» **Task to complete**: Find every line in the data that contains the word "suff". Return each of those lines.

[Stored data]
• • • • • • •

(* Let $f\in Lip_d(I)$ and let $f^\alpha_b$ be the non-stationary $\alpha$-fractal function of $f$ with respect to the partition $\Delta$, the scaling functions $\alpha_{i,r}$ and the base functions $b_r=L_r f$ (setting described in the context). Then for every $j\in\mathbb{N}$, $$\|f^\alpha_b-L_j(f)\|_\infty\le\frac{1}{1-\|\alpha\|_\infty}\sup_{r\in\mathbb{N}}\|f-L_r(f)\|_\infty .$$
   Context: Setting: $I=[x_0,x_N]$ with partition $\Delta: x_0<x_1<\dots<x_N$, $I_i=[x_{i-1},x_i]$, $l_i:I\to I_i$ the increasing affine bijection $l_i(x)=\frac{x_i-x_{i-1}}{x_N-x_0}x+\frac{x_Nx_{i-1}-x_0x_i}{x_N-x_0}$, and $Q_i=l_i^{-1}$. Scaling functions $\alpha_{i,r}:I\to\mathbb{R}$ ($i=1,\dots,N$, $r\in\mathbb{N}$) are continuous with $\|\alpha\|_\infty:=\sup_{r}\max_i\|\alpha_{i,r}\|_\infty<1$. $Lip_d(I)$ ($0<d\le1$) is the space of real functions $g$ on $I$ with $\sup_{x\ne y}|g(x)-g(y)|/|x-y|^d<\infty$, regarded as a subset of $C(I)$ with the supremum norm. $L_r:Lip_d(I)\to Lip_d(I)$ ($r\in\mathbb{N}$) are operators (not necessarily linear) with $(L_rg)(x_0)=g(x_0)$, $(L_rg)(x_N)=g(x_N)$ for all $g$, and $\sup_r\|L_r\|_\infty<\infty$, where $\|L_r\|_\infty=\sup_{g\ne0}\|L_rg\|_\infty/\|g\|_\infty$. Non-stationary $\alpha$-fractal function: for $f\in C(I)$ and base functions $b_r\in C(I)$ with $b_r(x_0)=f(x_0)$, $b_r(x_N)=f(x_N)$, $\sup_r\|b_r\|_\infty<\infty$, let $C_f(I)=\{g\in C(I):g(x_0)=f(x_0),g(x_N)=f(x_N)\}$ and $T^{\alpha_r}:C_f(I)\to C_f(I)$, $(T^{\alpha_r}g)(x)=f(x)+\alpha_{i,r}(Q_i(x))(g-b_r)(Q_i(x))$ for $x\in I_i$. For every $g\in C_f(I)$, $T^{\alpha_1}\circ\cdots\circ T^{\alpha_r}g$ converges uniformly as $r\to\infty$ to a function independent of $g$; this limit is the non-stationary $\alpha$-fractal function. Here $f^\alpha_b$ denotes it for the choice $b_r=L_rf$. *)

From HB Require Import structures.
From mathcomp Require Import all_boot all_order all_algebra.
From mathcomp Require Import all_classical all_reals all_analysis.
Set Implicit Arguments. Unset Strict Implicit. Unset Printing Implicit Defensive.
Import Order.TTheory GRing.Theory Num.Theory.
Import numFieldNormedType.Exports.
Local Open Scope classical_set_scope.
Local Open Scope ring_scope.

Section NSFractal.
Variable R : realType.

Definition Icc (a b : R) : set R := [set t | a <= t <= b].

Definition supnorm (a b : R) (g : R -> R) : R := sup [set `|g t| | t in Icc a b].

Definition LipD (d a b : R) (g : R -> R) : Prop :=
  exists C : R, forall s t, s \in Icc a b -> t \in Icc a b -> s != t ->
    `|g s - g t| / (`|s - t| `^ d) <= C.

(* affine maps l_i and Q_i = l_i^{-1} for the partition x_0 < ... < x_N *)
Definition laff (x : nat -> R) (N i : nat) (t : R) : R :=
  (x i - x i.-1) / (x N - x 0%N) * t + (x N * x i.-1 - x 0%N * x i) / (x N - x 0%N).
Definition Qaff (x : nat -> R) (N i : nat) (t : R) : R :=
  ((x N - x 0%N) * t - (x N * x i.-1 - x 0%N * x i)) / (x i - x i.-1).

(* index i in {1..N} with t in I_i = [x_{i-1}, x_i] (first one at breakpoints) *)
Definition seg (x : nat -> R) (N : nat) (t : R) : nat :=
  (\sum_(1 <= k < N) nat_of_bool (x k < t)%R)%N.+1.

Definition Top (x : nat -> R) (N : nat) (alpha : nat -> nat -> R -> R)
  (f : R -> R) (b : nat -> R -> R) (r : nat) (g : R -> R) : R -> R :=
  fun t => let i := seg x N t in
    f t + alpha i r (Qaff x N i t) * (g (Qaff x N i t) - b r (Qaff x N i t)).

(* T^{alpha_1} o ... o T^{alpha_r} g *)
Definition Tcomp (x : nat -> R) (N : nat) (alpha : nat -> nat -> R -> R)
  (f : R -> R) (b : nat -> R -> R) (r : nat) (g : R -> R) : R -> R :=
  foldr (fun k h => Top x N alpha f b k h) g (iota 1 r).

Definition alpha_set (x : nat -> R) (N : nat) (alpha : nat -> nat -> R -> R) : set R :=
  [set y | exists i r, (1 <= i <= N)%N /\ (0 < r)%N /\ y = supnorm (x 0%N) (x N) (alpha i r)].

End NSFractal.

(** On [I], [|T^{alpha_r} h - f| = |alpha_{i,r}| |h - L_r f|] at the point
    [Q_i t], which is at most [a (|h - f| + S)] with [a = ||alpha||_oo] and
    [S = sup_r ||f - L_r f||_oo].  Hence the ball of radius [B = a S / (1 - a)]
    around [f], the solution of [a (B + S) = B], is invariant under every
    [T^{alpha_r}].  Since a Lipschitz-[d] function is continuous, [f] itself is
    an admissible starting point of the iteration; all iterates stay in the
    ball, hence so does their uniform limit [f^alpha_b], and the triangle
    inequality gives [||f^alpha_b - L_j f|| <= B + S = S / (1 - a)]. *)

From HB Require Import structures.
From mathcomp Require Import all_boot all_order all_algebra.
From mathcomp Require Import all_classical all_reals all_analysis.
From mathcomp Require Import zify ring.
Import Order.TTheory GRing.Theory Num.Theory.
Import numFieldNormedType.Exports.
Local Open Scope classical_set_scope.
Local Open Scope ring_scope.
Set Implicit Arguments. Unset Strict Implicit.

Section Interval.
Variables (R : realType) (a b : R).

Lemma norm_le_supnorm (g : R -> R) t :
  has_ubound [set `|g s| | s in Icc a b] -> Icc a b t -> `|g t| <= supnorm a b g.
Proof. by move=> gub At; apply: ub_le_sup => //; exists t. Qed.

Lemma supnorm_le (g : R -> R) B : a <= b ->
  (forall t, Icc a b t -> `|g t| <= B) -> supnorm a b g <= B.
Proof.
move=> ab gB; apply: ge_sup; first by exists `|g a|, a => //; rewrite /Icc /= lexx ab.
by move=> _ [t At <-]; exact: gB.
Qed.

Lemma Icc_itv : Icc a b = `[a, b]%classic.
Proof. by apply/seteqP; split=> t; rewrite /Icc /= in_itv. Qed.
Section Bridge.
Variables (X : {set V}) (u t : V).
Hypothesis bridge : forall x y, e x y -> x \in X -> y \notin X -> x = u /\ y = t.
Hypotheses (eut : e u t) (uX : u \in X) (tX : t \notin X).

Lemma convex_on_bridge f : convex_on e setT f -> convex_on e X f /\ convex_on e (~: X) f.
Proof.
move=> cf; split=> k; have [cX cnX] := connectedI_bridge esym bridge (cf k).
  suff -> : [set v in X | f v == k] = [set v in setT | f v == k] :&: X by [].
  by apply/setP => v; rewrite !inE andbC.
suff -> : [set v in ~: X | f v == k] = [set v in setT | f v == k] :&: ~: X by [].
by apply/setP => v; rewrite !inE andbC.
Qed.

Lemma convex_bridge_colour f k x y : convex_on e setT f ->
  x \in X -> y \notin X -> f x = k -> f y = k -> f u = k /\ f t = k.
Proof.
move=> cf xX yX fx fy.
have [] := connected_bridge_mem bridge (x := x) (y := y) (cf k);
  by rewrite ?inE ?fx ?fy ?eqxx // => /eqP -> /eqP ->.
Qed.

Lemma convex_on_glue h g : convex_on e X h -> convex_on e (~: X) g ->
  (forall k, (exists2 x, x \in X & h x = k) -> (exists2 y, y \notin X & g y = k) ->
     h u = k /\ g t = k) ->
  convex_on e setT (fun v => if v \in X then h v else g v).
Proof.
move=> ch cg meet k; apply: (connected_bridge_glue esym eut uX tX).
- suff -> : [set v in setT | (if v \in X then h v else g v) == k] :&: X =
            [set v in X | h v == k] by [].
  by apply/setP => v; rewrite !inE; case: (v \in X); rewrite ?andbT ?andbF.
- suff -> : [set v in setT | (if v \in X then h v else g v) == k] :&: ~: X =
            [set v in ~: X | g v == k] by [].
  by apply/setP => v; rewrite !inE; case: (v \in X); rewrite ?andbT ?andbF.
move=> [x] + [y]; rewrite !inE => /andP[/andP[_ hx] xX] /andP[/andP[_ gy] yX].
rewrite xX in hx; rewrite (negbTE yX) in gy.
have [hu gt] := meet k (ex_intro2 _ _ x xX (eqP hx)) (ex_intro2 _ _ y yX (eqP gy)).
by rewrite uX hu (negbTE tX) gt eqxx.
Qed.
End Bridge.
End Colourings.

Section Component.
Variables (V : finType) (e : rel V).
Hypothesis esym : symmetric e.
Implicit Types (B : {set V}) (x y : V).

Definition erest B := [rel x y | e x y && (y \in B)].

Lemma walk_connectP B x y : walk e B x y <-> connect (erest B) x y.
Proof.
have path_erest p z : path (erest B) z p = path e z p && all (fun u => u \in B) p.
  by elim: p z => [|v p IH] z //=; rewrite IH; case: (e z v); case: (v \in B); rewrite ?andbF.
split=> [[p [p1 p2 p3]] | /connectP [p pp ->]].
  by apply/connectP; exists p; rewrite ?path_erest ?p1 ?p3 ?p2.
by exists p; move: pp; rewrite path_erest => /andP[-> ->].
Qed.

Variables (U S0 : {set V}) (b : V).
Hypotheses (cU : connected e U) (cS0 : connected e S0) (sS0U : S0 \subset U).
Hypotheses (bU : b \in U) (bS0 : b \notin S0).

Definition component := [set v in U :\: S0 | connect (erest (U :\: S0)) b v].

Lemma component_root : b \in component.
Proof. by rewrite inE !inE bU bS0 connect0. Qed.

Lemma component_sub : component \subset U :\: S0.
Proof. by apply/subsetP => v; rewrite inE => /andP[]. Qed.

Lemma component_closed u v : e u v -> u \in component -> v \in U :\: S0 -> v \in component.
Proof.
move=> euv; rewrite inE => /andP[uB cu] vB; rewrite inE vB /=.
by apply: connect_trans cu (connect1 _); rewrite /= euv vB.
Qed.

Lemma connected_component : connected e component.
Proof.
move=> x y xC yC.
have bB : b \in U :\: S0 by rewrite !inE bU bS0.
have [wx wy] : walk e (U :\: S0) b x /\ walk e (U :\: S0) b y.
  by split; apply/walk_connectP; [move: xC | move: yC]; rewrite inE => /andP[].
have [] := walk_closed component_closed xC (walk_cat (walk_sym esym bB wx) wy).
by [].
Qed.

Lemma component_max S1 : connected e S1 -> b \in S1 -> S1 \subset U :\: S0 ->
  S1 \subset component.
Proof.
move=> cS1 bS1 sS1; apply/subsetP => v vS1.
by have [] := walk_closed component_closed component_root (walk_sub sS1 (cS1 _ _ bS1 vS1)).
Qed.

Lemma walk_out_component x : x \in U :\: component ->
  exists2 z, z \in S0 & walk e (U :\: component) x z.
Proof.
have S0C z : z \in S0 -> z \notin component.
  by move=> zS0; apply/negP => /(subsetP component_sub); rewrite !inE zS0.
move=> xR; case xS0: (x \in S0); first by exists x => //; exact: walk_refl.
have xU : x \in U by move: xR; rewrite in_setD => /andP[].
have [p [p1 p2 p3]] := cU xU bU.
elim: p x xR xS0 xU p1 p2 p3 => [|y p IH] x xR xS0 xU /=.
  by move=> _ xb; move: xR; rewrite xb in_setD component_root.
move=> /andP[exy py] ly /andP[yU pU].
have yR : y \in U :\: component.
  rewrite in_setD yU andbT; apply/negP => yC.
  case yS0: (y \in S0); first by move: yC; rewrite (negbTE (S0C y yS0)).
  have : x \in component by apply: (component_closed _ yC); [rewrite esym | rewrite !inE xS0 xU].
  by apply/negP; move: xR; rewrite in_setD => /andP[].
case yS0: (y \in S0); first by exists y => //; exact: walk_edge exy yR.
have [z zS0 wz] := IH y yR yS0 yU py ly pU.
by exists z => //; exact: walk_cat (walk_edge exy yR) wz.
Qed.

Lemma connected_setD_component : connected e (U :\: component).
Proof.
have sS0R : S0 \subset U :\: component.
  apply/subsetP => v vS0; rewrite in_setD (subsetP sS0U _ vS0) andbT.
  by apply/negP => /(subsetP component_sub); rewrite !inE vS0.
move=> x y xR yR; change (walk e (U :\: component) x y).
have [z1 z1S0 w1] := walk_out_component xR.
have [z2 z2S0 w2] := walk_out_component yR.
apply: walk_cat w1 (walk_cat (walk_sub sS0R (cS0 z1S0 z2S0)) _).
exact: (walk_sym esym yR w2).
Qed.
End Component.
(* Let $t$ be a standard tableau with $n$ entries and let $2\le k\le n$ be such that $t\sigma_k$ is also standard and $r_t(k-1)\equiv r_t(k) \pmod p$, so that $[t\sigma_k]=[t]$. Put $T:=[t]$. Then $\sigma_k E_T = E_T\sigma_k$ in $RS_n$.
   Context: $p$ is a prime, $R$ is the localization of $\mathbb Z$ at the prime ideal $(p)$, and $\mathbb F_p=R/pR$. $S_n$ acts on the right on $\{1,\dots,n\}$ and hence on tableaux (a permutation $\sigma$ replaces each entry $i$ by $i\sigma$); products of permutations are read from left to right. For $2\le k\le n$ put $\sigma_k=(k-1,k)$. The Jucys–Murphy elements are $L_1=0$ and $L_k=\sum_{j=1}^{k-1}(j,k)\in\mathbb ZS_n$. Partitions are drawn as Young diagrams in English convention; the node $[i,j]$ lies in row $i$, column $j$. A $\lambda$-tableau is a bijective filling of the nodes of $\lambda$ with $1,\dots,n$; it is standard if entries increase along rows and down columns. The content is $r_t(k)=j-i$ if $k$ occupies node $[i,j]$ of $t$. For a tableau $t$ the Jucys–Murphy idempotent is $E_t:=\prod_{c=-n+1}^{n-1}\prod_{i:\,r_t(i)\neq c}\frac{L_i-c}{r_t(i)-c}\in\mathbb QS_n$; over standard tableaux of all shapes of size $n$ these are pairwise orthogonal idempotents with sum $1$, and $L_kE_t=r_t(k)E_t$. Two standard tableaux $s,t$ with $n$ entries (possibly of different shapes) satisfy $s\sim_p t$ if $r_s(k)\equiv r_t(k)\pmod p$ for all $k$; a tableau class is an equivalence class of standard tableaux for $\sim_p$, and $[t]$ denotes the class of $t$. For a class $T$, $E_T:=\sum_{t\in T}E_t$; it is known (Murphy) that $E_T\in RS_n$. *)

From HB Require Import structures.
From mathcomp Require Import all_boot all_order all_algebra all_fingroup.
Set Implicit Arguments. Unset Strict Implicit. Unset Printing Implicit Defensive.
Import Order.TTheory GRing.Theory Num.Theory.
Local Open Scope ring_scope.

(* Conventions: the points {1,...,n} are represented by 'I_n = {0,...,n-1}
   (point m+1 of the paper is the ordinal m).  Permutations 'S_n multiply
   left to right in mathcomp ((s * t) x = t (s x)), as in the paper. *)

Definition galg (n : nat) := {ffun 'S_n -> rat}.

Definition gbasis n (g : 'S_n) : galg n := [ffun h => (h == g)%:R].
Definition gone n : galg n := gbasis 1%g.
Definition gscale n (a : rat) (x : galg n) : galg n := [ffun g => a * x g].
(* convolution product: (sum a_h h)(sum b_k k) = sum a_h b_k (h k) *)
Definition gmul n (x y : galg n) : galg n :=
  [ffun g => \sum_(h : 'S_n) x h * y (h^-1 * g)%g].
Definition gprod n (s : seq (galg n)) : galg n := foldr (@gmul n) (gone n) s.

Definition JM n (k : 'I_n) : galg n :=
  \sum_(j : 'I_n | (j < k)%N) gbasis (tperm j k).

(* A tableau with n entries: entry x is placed at node t x = (row, column),
   0-based.  Any Young diagram with n nodes fits into 'I_n * 'I_n. *)
Definition tab (n : nat) := {ffun 'I_n -> 'I_n * 'I_n}.
Definition trow n (t : tab n) (x : 'I_n) : nat := val (t x).1.
Definition tcol n (t : tab n) (x : 'I_n) : nat := val (t x).2.

(* t is a bijective filling of the nodes of a Young diagram (of a partition) *)
Definition is_tableau n (t : tab n) : bool :=
  injectiveb t &&
  [forall x, forall i : 'I_n, forall j : 'I_n,
     ((i <= trow t x)%N && (j <= tcol t x)%N) ==> [exists y, t y == (i, j)]].

Definition standard n (t : tab n) : bool :=
  is_tableau t &&
  [forall x, forall y,
     ((trow t x == trow t y) && (tcol t y == (tcol t x).+1) ==> (x < y)%N) &&
     ((tcol t x == tcol t y) && (trow t y == (trow t x).+1) ==> (x < y)%N)].

(* right action of S_n: entry i is replaced by i sigma *)
Definition tact n (t : tab n) (s : 'S_n) : tab n := [ffun i => t ((s^-1)%g i)].

Definition content n (t : tab n) (x : 'I_n) : int :=
  (tcol t x)%:Z - (trow t x)%:Z.

Definition psim (p : nat) n (s t : tab n) : bool :=
  [forall x, (content s x == content t x %[mod p%:Z])%Z].

(* E_t = prod_{c=-n+1}^{n-1} prod_{i : r_t(i) <> c} (L_i - c)/(r_t(i) - c) *)
Definition contents_range (n : nat) : seq int :=
  [seq (m%:Z - (n%:Z - 1)) | m <- iota 0 (n + n).-1].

• • • • • • •

» **Output of the task**:
  suff -> : [set v in X | f v == k] = [set v in setT | f v == k] :&: X by [].
suff -> : [set v in ~: X | f v == k] = [set v in setT | f v == k] :&: ~: X by [].
- suff -> : [set v in setT | (if v \in X then h v else g v) == k] :&: X =
- suff -> : [set v in setT | (if v \in X then h v else g v) == k] :&: ~: X =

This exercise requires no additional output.